= PROBLEM DETAILS =
Once the line with "rewrite /nc_weight [RHS](bigID" is found in the entries below, repeat it and each following line exactly, up to and including the line with "rc rp a (restrict_part P W)". Add no other lines.

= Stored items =
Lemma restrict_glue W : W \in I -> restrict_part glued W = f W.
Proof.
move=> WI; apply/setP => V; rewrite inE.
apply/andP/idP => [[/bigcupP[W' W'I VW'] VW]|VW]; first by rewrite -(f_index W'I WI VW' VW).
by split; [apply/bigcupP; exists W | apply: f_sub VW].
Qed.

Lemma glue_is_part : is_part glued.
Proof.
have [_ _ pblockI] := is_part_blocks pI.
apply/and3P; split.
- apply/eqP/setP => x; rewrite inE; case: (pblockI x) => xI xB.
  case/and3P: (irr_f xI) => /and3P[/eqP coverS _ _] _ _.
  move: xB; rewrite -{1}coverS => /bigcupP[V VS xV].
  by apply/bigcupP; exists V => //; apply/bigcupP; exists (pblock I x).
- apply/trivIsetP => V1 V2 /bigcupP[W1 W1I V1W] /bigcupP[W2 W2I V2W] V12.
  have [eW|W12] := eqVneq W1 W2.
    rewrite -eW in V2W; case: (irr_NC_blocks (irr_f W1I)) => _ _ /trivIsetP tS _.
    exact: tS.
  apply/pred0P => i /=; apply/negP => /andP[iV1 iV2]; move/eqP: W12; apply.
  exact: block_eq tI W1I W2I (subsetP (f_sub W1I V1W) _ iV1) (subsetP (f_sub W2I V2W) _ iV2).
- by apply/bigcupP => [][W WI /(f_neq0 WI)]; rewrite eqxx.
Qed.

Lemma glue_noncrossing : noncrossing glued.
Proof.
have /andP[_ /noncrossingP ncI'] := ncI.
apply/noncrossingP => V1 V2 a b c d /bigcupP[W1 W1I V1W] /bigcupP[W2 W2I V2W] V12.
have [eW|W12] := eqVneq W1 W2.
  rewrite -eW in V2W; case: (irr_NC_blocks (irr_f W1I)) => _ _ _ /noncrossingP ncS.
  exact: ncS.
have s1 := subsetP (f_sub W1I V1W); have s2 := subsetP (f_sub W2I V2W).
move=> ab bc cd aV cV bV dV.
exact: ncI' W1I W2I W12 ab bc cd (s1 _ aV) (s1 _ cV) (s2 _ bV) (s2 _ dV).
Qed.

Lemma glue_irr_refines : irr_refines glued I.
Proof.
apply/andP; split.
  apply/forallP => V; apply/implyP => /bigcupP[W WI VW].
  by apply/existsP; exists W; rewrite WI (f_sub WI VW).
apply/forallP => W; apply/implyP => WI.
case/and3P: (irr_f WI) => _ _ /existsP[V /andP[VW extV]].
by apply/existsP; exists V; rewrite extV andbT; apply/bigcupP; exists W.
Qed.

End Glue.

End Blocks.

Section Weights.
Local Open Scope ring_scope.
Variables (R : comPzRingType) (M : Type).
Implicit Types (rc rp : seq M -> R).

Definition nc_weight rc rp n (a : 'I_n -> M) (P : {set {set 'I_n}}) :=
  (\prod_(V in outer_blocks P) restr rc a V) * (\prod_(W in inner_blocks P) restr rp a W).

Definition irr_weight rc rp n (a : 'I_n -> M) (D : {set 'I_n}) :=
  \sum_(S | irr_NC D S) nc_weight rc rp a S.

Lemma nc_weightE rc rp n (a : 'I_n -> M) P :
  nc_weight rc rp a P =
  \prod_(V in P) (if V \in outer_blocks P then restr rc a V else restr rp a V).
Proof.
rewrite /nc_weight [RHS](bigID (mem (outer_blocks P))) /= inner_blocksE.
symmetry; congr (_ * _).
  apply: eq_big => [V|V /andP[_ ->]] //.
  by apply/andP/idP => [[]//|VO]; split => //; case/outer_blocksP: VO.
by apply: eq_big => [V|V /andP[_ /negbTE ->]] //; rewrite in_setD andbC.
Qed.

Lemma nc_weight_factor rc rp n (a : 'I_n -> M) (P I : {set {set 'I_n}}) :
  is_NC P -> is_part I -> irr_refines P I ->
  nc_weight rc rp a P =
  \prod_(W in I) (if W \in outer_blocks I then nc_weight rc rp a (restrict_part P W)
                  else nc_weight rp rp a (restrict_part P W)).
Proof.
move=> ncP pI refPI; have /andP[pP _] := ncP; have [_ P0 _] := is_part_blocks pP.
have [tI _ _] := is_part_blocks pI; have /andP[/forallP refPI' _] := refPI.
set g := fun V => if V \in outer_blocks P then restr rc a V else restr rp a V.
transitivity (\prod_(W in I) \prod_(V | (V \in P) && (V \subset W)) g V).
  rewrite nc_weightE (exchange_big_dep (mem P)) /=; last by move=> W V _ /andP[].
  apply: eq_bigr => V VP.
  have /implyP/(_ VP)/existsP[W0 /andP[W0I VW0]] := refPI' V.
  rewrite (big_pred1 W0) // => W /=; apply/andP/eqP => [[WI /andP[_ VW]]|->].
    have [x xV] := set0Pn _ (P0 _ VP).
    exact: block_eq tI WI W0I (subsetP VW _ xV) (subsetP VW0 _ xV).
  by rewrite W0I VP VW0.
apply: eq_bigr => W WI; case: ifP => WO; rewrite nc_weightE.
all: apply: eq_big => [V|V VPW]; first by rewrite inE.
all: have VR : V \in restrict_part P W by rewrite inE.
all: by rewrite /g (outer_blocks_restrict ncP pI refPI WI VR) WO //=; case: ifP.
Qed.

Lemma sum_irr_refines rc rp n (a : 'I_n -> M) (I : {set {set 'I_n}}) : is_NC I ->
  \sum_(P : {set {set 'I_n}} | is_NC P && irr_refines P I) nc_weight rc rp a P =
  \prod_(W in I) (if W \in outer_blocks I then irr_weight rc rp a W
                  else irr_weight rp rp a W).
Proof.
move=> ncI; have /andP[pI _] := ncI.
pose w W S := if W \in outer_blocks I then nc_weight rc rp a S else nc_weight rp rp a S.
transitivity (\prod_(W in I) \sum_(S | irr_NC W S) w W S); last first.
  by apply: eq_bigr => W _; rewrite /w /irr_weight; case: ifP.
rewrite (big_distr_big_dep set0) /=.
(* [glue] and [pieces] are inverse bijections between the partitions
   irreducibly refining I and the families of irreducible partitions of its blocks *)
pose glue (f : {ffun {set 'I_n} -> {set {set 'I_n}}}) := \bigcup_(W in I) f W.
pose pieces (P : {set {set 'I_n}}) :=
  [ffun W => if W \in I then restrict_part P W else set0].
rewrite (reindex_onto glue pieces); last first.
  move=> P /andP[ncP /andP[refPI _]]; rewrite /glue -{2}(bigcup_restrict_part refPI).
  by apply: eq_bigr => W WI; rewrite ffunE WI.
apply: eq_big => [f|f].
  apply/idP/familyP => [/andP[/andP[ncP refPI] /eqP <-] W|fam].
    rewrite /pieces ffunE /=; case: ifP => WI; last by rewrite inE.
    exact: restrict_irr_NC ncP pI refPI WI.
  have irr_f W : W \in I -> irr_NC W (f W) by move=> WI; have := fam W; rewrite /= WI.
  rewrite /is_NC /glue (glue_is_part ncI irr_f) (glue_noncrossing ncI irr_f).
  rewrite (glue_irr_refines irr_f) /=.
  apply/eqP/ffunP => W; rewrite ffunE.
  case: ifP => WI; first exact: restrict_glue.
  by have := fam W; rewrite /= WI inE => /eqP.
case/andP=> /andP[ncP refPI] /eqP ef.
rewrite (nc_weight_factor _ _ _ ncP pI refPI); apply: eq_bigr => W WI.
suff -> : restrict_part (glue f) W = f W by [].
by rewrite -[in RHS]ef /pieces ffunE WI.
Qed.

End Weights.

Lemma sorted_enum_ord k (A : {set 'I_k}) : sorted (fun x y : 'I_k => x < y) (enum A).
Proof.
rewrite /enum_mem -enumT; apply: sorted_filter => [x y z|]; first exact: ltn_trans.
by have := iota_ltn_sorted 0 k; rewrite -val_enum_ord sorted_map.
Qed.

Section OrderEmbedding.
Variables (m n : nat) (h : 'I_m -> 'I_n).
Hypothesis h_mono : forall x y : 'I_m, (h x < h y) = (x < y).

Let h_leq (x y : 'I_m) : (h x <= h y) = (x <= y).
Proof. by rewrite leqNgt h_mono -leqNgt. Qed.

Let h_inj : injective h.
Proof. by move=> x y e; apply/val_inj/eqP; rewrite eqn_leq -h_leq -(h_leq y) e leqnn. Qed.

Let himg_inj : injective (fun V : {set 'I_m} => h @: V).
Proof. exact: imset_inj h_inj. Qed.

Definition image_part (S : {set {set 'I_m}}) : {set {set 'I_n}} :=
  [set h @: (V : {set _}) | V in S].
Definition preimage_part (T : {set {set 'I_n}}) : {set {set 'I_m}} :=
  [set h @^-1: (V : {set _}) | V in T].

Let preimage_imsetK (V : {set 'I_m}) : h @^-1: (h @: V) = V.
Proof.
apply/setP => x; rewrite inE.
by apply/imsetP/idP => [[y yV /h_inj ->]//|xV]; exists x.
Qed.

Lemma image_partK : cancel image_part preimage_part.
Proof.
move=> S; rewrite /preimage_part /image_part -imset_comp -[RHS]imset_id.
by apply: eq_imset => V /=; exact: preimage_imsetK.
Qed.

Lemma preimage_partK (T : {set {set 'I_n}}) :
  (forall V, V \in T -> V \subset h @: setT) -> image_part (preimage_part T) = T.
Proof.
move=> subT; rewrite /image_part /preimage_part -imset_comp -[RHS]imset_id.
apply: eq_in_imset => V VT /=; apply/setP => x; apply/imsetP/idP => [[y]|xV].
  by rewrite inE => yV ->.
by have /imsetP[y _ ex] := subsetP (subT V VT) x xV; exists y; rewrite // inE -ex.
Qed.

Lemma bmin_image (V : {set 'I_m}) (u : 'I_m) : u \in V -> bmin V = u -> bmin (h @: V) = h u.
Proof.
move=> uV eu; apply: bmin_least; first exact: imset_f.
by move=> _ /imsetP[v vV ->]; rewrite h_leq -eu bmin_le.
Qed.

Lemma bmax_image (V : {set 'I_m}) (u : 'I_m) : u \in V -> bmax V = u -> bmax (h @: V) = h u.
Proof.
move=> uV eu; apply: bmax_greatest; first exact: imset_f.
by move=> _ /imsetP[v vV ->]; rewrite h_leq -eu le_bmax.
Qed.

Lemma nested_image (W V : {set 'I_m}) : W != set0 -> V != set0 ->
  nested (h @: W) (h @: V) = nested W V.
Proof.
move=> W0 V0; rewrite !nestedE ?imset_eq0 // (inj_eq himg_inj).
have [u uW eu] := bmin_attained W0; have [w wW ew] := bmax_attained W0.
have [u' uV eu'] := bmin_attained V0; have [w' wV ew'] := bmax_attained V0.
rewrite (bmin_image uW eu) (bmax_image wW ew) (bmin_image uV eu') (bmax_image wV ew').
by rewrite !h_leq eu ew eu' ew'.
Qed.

= WRITTEN ANSWER =
rewrite /nc_weight [RHS](bigID (mem (outer_blocks P))) /= inner_blocksE.
symmetry; congr (_ * _).
  apply: eq_big => [V|V /andP[_ ->]] //.
  by apply/andP/idP => [[]//|VO]; split => //; case/outer_blocksP: VO.
by apply: eq_big => [V|V /andP[_ /negbTE ->]] //; rewrite in_setD andbC.
Qed.

Lemma nc_weight_factor rc rp n (a : 'I_n -> M) (P I : {set {set 'I_n}}) :
  is_NC P -> is_part I -> irr_refines P I ->
  nc_weight rc rp a P =
  \prod_(W in I) (if W \in outer_blocks I then nc_weight rc rp a (restrict_part P W)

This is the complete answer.